Task to complete
In your reply, reproduce the lines from the first one below to the line containing "assert (HA : 0", inclusive, exactly as they stand.

Source records
Lemma div_sqrt_split a u s : s ^ 2 < u ->
  a * u / sqrt (u - s ^ 2) = a * sqrt (u - s ^ 2) + s * (a * s / sqrt (u - s ^ 2)).
Proof.
  intros Hs. pose proof (sqrt_lt_R0 (u - s ^ 2) ltac:(lra)).
  pose proof (sqrt_sqrt (u - s ^ 2) ltac:(lra)) as E.
  set (A := sqrt (u - s ^ 2)) in *.
  replace (a * u) with (a * (A * A + s ^ 2)) by (rewrite E; ring).
  field. lra.
Qed.

Lemma mul_sqrt_le_div a u s s0 : 0 <= a -> s ^ 2 < u -> s0 ^ 2 <= u ->
  a * sqrt (u - s0 ^ 2) <= a * (u - s0 * s) / sqrt (u - s ^ 2).
Proof.
  intros Ha Hs Hs0. pose proof (sqrt_lt_R0 (u - s ^ 2) ltac:(lra)).
  pose proof (sqrt_mul_sqrt_le u s0 s Hs0 ltac:(lra)).
  apply Rmult_le_reg_r with (sqrt (u - s ^ 2)); [lra|].
  replace (a * (u - s0 * s) / sqrt (u - s ^ 2) * sqrt (u - s ^ 2))
    with (a * (u - s0 * s)) by (field; lra).
  nra.
Qed.

Section Critical_point.

Variables a b be s : R.
Hypothesis Ha : 0 <= a.
Hypothesis Hb : 0 <= b.
Hypothesis Hbe : 1 <= be.
Hypothesis Hcrit : is_crit a b be s.

Lemma is_crit_value :
  a / sqrt (1 - s ^ 2) + be ^ 2 * b / sqrt (be ^ 2 - s ^ 2) = G a b be s.
Proof.
  destruct Hcrit as [Hs E]. unfold G.
  rewrite <- (Rmult_1_r a) at 1. rewrite (Rmult_comm (be ^ 2) b).
  rewrite (div_sqrt_split a 1 s), (div_sqrt_split b (be ^ 2) s) by nra.
  transitivity (a * sqrt (1 - s ^ 2) + b * sqrt (be ^ 2 - s ^ 2)
    + s * (a * s / sqrt (1 - s ^ 2) + b * s / sqrt (be ^ 2 - s ^ 2))); [ring|].
  rewrite E. ring.
Qed.

(* [G] is concave, so its critical point is its maximum on [[-1, 1]]. *)
Lemma is_crit_max s0 : s0 ^ 2 <= 1 -> G a b be s0 <= G a b be s.
Proof.
  intros Hs0. rewrite <- is_crit_value. destruct Hcrit as [Hs E]. unfold G.
  pose proof (mul_sqrt_le_div a 1 s s0 Ha ltac:(nra) Hs0).
  pose proof (mul_sqrt_le_div b (be ^ 2) s s0 Hb ltac:(nra) ltac:(nra)).
  assert (s0 * (a * s / sqrt (1 - s ^ 2)) + s0 * (b * s / sqrt (be ^ 2 - s ^ 2)) = s0)
    by (rewrite <- Rmult_plus_distr_l, E; ring).
  unfold Rdiv in *. lra.
Qed.

Lemma is_crit_sqr_le : s ^ 2 * (1 + a ^ 2) <= 1.
Proof.
  destruct Hcrit as [Hs E].
  set (A := sqrt (1 - s ^ 2)). set (B := sqrt (be ^ 2 - s ^ 2)) in *.
  assert (HA : 0 < A) by (apply sqrt_lt_R0; nra).
  assert (HB : 0 < B) by (apply sqrt_lt_R0; nra).
  pose proof (sqrt_sqrt (1 - s ^ 2) ltac:(nra)) as EA. fold A in EA.
  assert (0 <= b * s / B) by (apply Rdiv_le_0_compat; nra).
  assert (a * s <= A).
  { apply Rmult_le_reg_r with (/ A); [now apply Rinv_0_lt_compat|].
    rewrite Rinv_r by lra. fold A in E. unfold Rdiv in *. lra. }
  assert (0 <= a * s) by nra. nra.
Qed.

Exercise response
Lemma div_sqrt_split a u s : s ^ 2 < u ->
  a * u / sqrt (u - s ^ 2) = a * sqrt (u - s ^ 2) + s * (a * s / sqrt (u - s ^ 2)).
Proof.
  intros Hs. pose proof (sqrt_lt_R0 (u - s ^ 2) ltac:(lra)).
  pose proof (sqrt_sqrt (u - s ^ 2) ltac:(lra)) as E.
  set (A := sqrt (u - s ^ 2)) in *.
  replace (a * u) with (a * (A * A + s ^ 2)) by (rewrite E; ring).
  field. lra.
Qed.

Lemma mul_sqrt_le_div a u s s0 : 0 <= a -> s ^ 2 < u -> s0 ^ 2 <= u ->
  a * sqrt (u - s0 ^ 2) <= a * (u - s0 * s) / sqrt (u - s ^ 2).
Proof.
  intros Ha Hs Hs0. pose proof (sqrt_lt_R0 (u - s ^ 2) ltac:(lra)).
  pose proof (sqrt_mul_sqrt_le u s0 s Hs0 ltac:(lra)).
  apply Rmult_le_reg_r with (sqrt (u - s ^ 2)); [lra|].
  replace (a * (u - s0 * s) / sqrt (u - s ^ 2) * sqrt (u - s ^ 2))
    with (a * (u - s0 * s)) by (field; lra).
  nra.
Qed.

Section Critical_point.

Variables a b be s : R.
Hypothesis Ha : 0 <= a.
Hypothesis Hb : 0 <= b.
Hypothesis Hbe : 1 <= be.
Hypothesis Hcrit : is_crit a b be s.

Lemma is_crit_value :
  a / sqrt (1 - s ^ 2) + be ^ 2 * b / sqrt (be ^ 2 - s ^ 2) = G a b be s.
Proof.
  destruct Hcrit as [Hs E]. unfold G.
  rewrite <- (Rmult_1_r a) at 1. rewrite (Rmult_comm (be ^ 2) b).
  rewrite (div_sqrt_split a 1 s), (div_sqrt_split b (be ^ 2) s) by nra.
  transitivity (a * sqrt (1 - s ^ 2) + b * sqrt (be ^ 2 - s ^ 2)
    + s * (a * s / sqrt (1 - s ^ 2) + b * s / sqrt (be ^ 2 - s ^ 2))); [ring|].
  rewrite E. ring.
Qed.

(* [G] is concave, so its critical point is its maximum on [[-1, 1]]. *)
Lemma is_crit_max s0 : s0 ^ 2 <= 1 -> G a b be s0 <= G a b be s.
Proof.
  intros Hs0. rewrite <- is_crit_value. destruct Hcrit as [Hs E]. unfold G.
  pose proof (mul_sqrt_le_div a 1 s s0 Ha ltac:(nra) Hs0).
  pose proof (mul_sqrt_le_div b (be ^ 2) s s0 Hb ltac:(nra) ltac:(nra)).
  assert (s0 * (a * s / sqrt (1 - s ^ 2)) + s0 * (b * s / sqrt (be ^ 2 - s ^ 2)) = s0)
    by (rewrite <- Rmult_plus_distr_l, E; ring).
  unfold Rdiv in *. lra.
Qed.

Lemma is_crit_sqr_le : s ^ 2 * (1 + a ^ 2) <= 1.
Proof.
  destruct Hcrit as [Hs E].
  set (A := sqrt (1 - s ^ 2)). set (B := sqrt (be ^ 2 - s ^ 2)) in *.
  assert (HA : 0 < A) by (apply sqrt_lt_R0; nra).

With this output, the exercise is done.